Every time you need to handle a n^2 problem, you try to minimize the n as much as possible.

Splitting the group in two subgroups then running the algorithm will speed up the process:
2 * (n/2)^2 = n^2 / 2 (x2 faster)

Splitting in 3 groups would be :
3 * (n/3)^2 = n^2 / 3 (x3 faster)

So now, the question is: how to subdivide the group without missing collision? That's where the ActiveList comes into play. Every actor keeps a list of other entities around him (seen within a screen). When testing the collision, only the attacks within that ActiveList are tested, resulting in far less calculations. The thing you need to make sure though is that the ActiveList is relevant by refreshing it often. Refreshing it completely works every time but for every actor, that's a n problem (resulting in a overall n^2 test). This means we want to minimize when we do it. Let's say that we refresh every second. I should be good since it's very rare that an entity will travel an entire screen within 1 second.

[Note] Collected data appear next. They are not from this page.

Definition bounded_op (X : H -> H) : Prop :=
  (forall (a : R[i]) (x y : H), X (a *: x + y) = a *: X x + X y) /\
  exists M : R, forall x : H, hnorm (X x) <= M * hnorm x.

Definition opnorm (X : H -> H) : R :=
  sup [set hnorm (X x) | x in [set x : H | hnorm x <= 1]].

Definition is_adjoint (X Xs : H -> H) : Prop :=
  forall x y : H, hinner (X x) y = hinner x (Xs y).

Definition re_op (X Xs : H -> H) : H -> H :=
  fun x => (2 : R[i])^-1 *: (X x + Xs x).
Definition im_op (X Xs : H -> H) : H -> H :=
  fun x => ((2 : R[i]) * 'i%C)^-1 *: (X x - Xs x).

Definition dsum_inner (x y : H * H) : R[i] :=
  hinner x.1 y.1 + hinner x.2 y.2.

Definition opmx (A B C D : H -> H) : H * H -> H * H :=
  fun x => (A x.1 + B x.2, C x.1 + D x.2).

Definition zero_op : H -> H := fun _ => 0.

Definition wq_dsum (q : R[i]) (T : H * H -> H * H) : R :=
  sup [set cabs (dsum_inner (T p.1) p.2) | p in
         [set p : (H * H) * (H * H) |
            dsum_inner p.1 p.1 = 1 /\ dsum_inner p.2 p.2 = 1 /\
            dsum_inner p.1 p.2 = q]].
End Ops.

From HB Require Import structures.
From mathcomp Require Import all_boot all_order all_algebra.
From mathcomp Require Import all_classical all_reals.
From mathcomp Require Import complex.
From mathcomp Require Import ring lra.
Import Order.TTheory GRing.Theory Num.Theory.
Set Implicit Arguments.
Unset Strict Implicit.
Unset Printing Implicit Defensive.
Local Open Scope ring_scope.

(* Let S = w_q(T) with T = [[0, X], [X, 0]].  For ||u||^2 = 1/2 and
   s = sqrt (1 - |q|^2), the unit vectors x = (u, u) and
   y = ((q^* + s) u, (q^* - s) u) satisfy <x, y> = q and
   <T x, y> = 2 q <X u, u>, so |q| w(X) <= S for the numerical radius w.
   Polarization gives ||R(X)|| <= w(X), and ||I(X)|| = ||R(-iX)|| <= w(X).
   Since ||X|| <= ||R(X)|| + ||I(X)||, the left-hand side is at most
   |q| max (||R(X)||, ||I(X)||) <= |q| w(X) <= S. *)

Local Notation hnorm2 x := (complex.Re (hinner x x)).

Section ComplexNumbers.
Variable R : realType.
Implicit Types (a b : R[i]) (c : R).

Lemma cabsE a : (cabs a)%:C%C = `|a|.
Proof. by rewrite normc_def. Qed.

However, when a new bullet is spawned, we can't wait for 1 second for the ActiveList to be refreshed. That means every time a new entity is spawned, we need to generate its ActiveList and add it to the concerned entities. This is the system Raining Chain is using and it is working very fine.

The same logic is used to set the target of a monster. The possible targets are only searched within the ActiveList of the monster rather than the map entity list.